The application (created from the codebase) represents the logic with all necessary add-ons (like models, connectivity with database, or network requests) that delivers business value. In the case of WebSight CMS, we decided to build a stateless application. We keep the data outside the application (e.g., in DB or other persistent forms). That approach enabled the team to gain the following benefits:
- The application can be destroyed and recreated on demand (in seconds).
- Horizontal scaling up and down is easy to achieve, thanks to containers.
The data in CMS (and probably on any other system) is the most precious resource. It is usually not possible to recreate it easily. That is why we treat it in different ways than application or configuration. And the separation enables us to do so.
Data could be regularly backed up (depending on desired Recovery Point Objective - RPO) and restored in case of trouble. The time to provide the operational environment (Recovery Time Objective - RTO) depends on the volume of data because the application and configuration are ready almost instantly after the infrastructure is ready (which is also very fast in the case of cloud providers).
Another benefit of data separation is the ability to use different data sets during development and testing. That means we could easily create the application (build an image), test it against corner cases, and later attach it to the production data. The same is true for the opposite direction. The team can easily import the production data into the developer environment to investigate and fix encountered problems.
In this blog, we focused on WebSight CMS in the aspect of three separate ingredients that, together with underlying infrastructure, compose a fully working environment. Separation of the configuration, application, and data enables development teams to:
- Create reusable releases and independent deployment cycles - build an application once, and deploy anywhere, anytime.
- Gain high confidence in the released application (image tested once, deployed everywhere will be the same).
- Achieve a high level of security (vulnerable data stored as secrets).
- Benefit from continuous integration - dedicated content (data) to test edge cases on the same image that travels to the higher environments (acceptance, production).
- Scale up and down the application (business logic) in an easy and automated way.
- Improve disaster recovery by optimizing RPO and RTO metrics.

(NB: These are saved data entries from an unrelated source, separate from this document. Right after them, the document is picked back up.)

(* Conditionally on a level set {S_B = v}, Var(C) - Var(S - C) = 2 Cov(S, C) - Var(S),
   and by Cauchy-Schwarz |Cov(S, C)| <= sqrt(Var S) sqrt(Var C), where
   Var C <= C_B (1 - C_B) because C, a conditional expectation of the indicator Y,
   lies in [0, 1] almost surely.  Integrating these pointwise bounds over S_B gives
   the first pair of inequalities.  With N equal-width bins, S stays within an
   interval of length 1/N on each bin, so Var(S | S_B) <= 1/(4N^2), and the bounds
   are monotone in sqrt(Var(S | S_B)) <= 1/(2N). *)

Section bounded_measurable.
Context {d : measure_display} {T : measurableType d} {R : realType}.
Implicit Types (Z : T -> R) (k : R).

Definition bounded_measurable Z : Prop :=
  measurable_fun setT Z /\ exists M, forall t, `|Z t| <= M.

(* Equivalently: W is measurable and takes finitely many values. *)
Definition simple_rv (W : T -> R) : Prop :=
  forall h : R -> R, bounded_measurable (fun t => h (W t)).

Lemma bounded_measurable_in01 Z : measurable_fun setT Z ->
  (forall t, 0 <= Z t <= 1) -> bounded_measurable Z.
Proof.
by move=> mZ Z01; split=> //; exists 1 => t; have /andP[Z0 Z1] := Z01 t; rewrite ger0_norm.
Qed.

Lemma bounded_measurable_cst k : bounded_measurable (fun _ => k).
Proof. by split; [exact: measurable_cst | exists `|k|]. Qed.

Lemma bounded_measurableD (Z1 Z2 : T -> R) :
  bounded_measurable Z1 -> bounded_measurable Z2 ->
  bounded_measurable (fun t => Z1 t + Z2 t).
Proof.
case=> m1 [M1 h1] [m2 [M2 h2]]; split; first exact: measurable_funD.
by exists (M1 + M2) => t; apply: le_trans (ler_normD _ _) _; exact: lerD.
Qed.

Lemma bounded_measurableN Z : bounded_measurable Z -> bounded_measurable (fun t => - Z t).
Proof.
by case=> m [M h]; split; [exact: measurable_funN | exists M => t; rewrite normrN].
Qed.

Lemma bounded_measurableB (Z1 Z2 : T -> R) :
  bounded_measurable Z1 -> bounded_measurable Z2 ->
  bounded_measurable (fun t => Z1 t - Z2 t).
Proof. by move=> b1 b2; apply: bounded_measurableD => //; exact: bounded_measurableN. Qed.

Lemma bounded_measurableM (Z1 Z2 : T -> R) :
  bounded_measurable Z1 -> bounded_measurable Z2 ->
  bounded_measurable (fun t => Z1 t * Z2 t).
Proof.
case=> m1 [M1 h1] [m2 [M2 h2]]; split; first exact: measurable_funM.
exists (`|M1| * `|M2|) => t; rewrite normrM.
by apply: ler_pM => //; exact: le_trans (ler_norm _).
Qed.

Lemma bounded_measurableX Z : bounded_measurable Z ->
  bounded_measurable (fun t => Z t ^+ 2).
Proof. by move=> bZ; exact: bounded_measurableM. Qed.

- The twelve-factor app - a set of principles for building software-as-a-service apps. Most of those methods are considered the best practice for any modern web application, including separation of the codebase, configuration, and data.
- Kubernetes ConfigMap - a common technique for separating the application (image) from the configuration. ConfigMaps should not contain sensitive information.
- Kubernetes Secrets - when the configuration contains sensitive information like passwords or tokens, secrets isolate the application (image) from the configs in a secure way.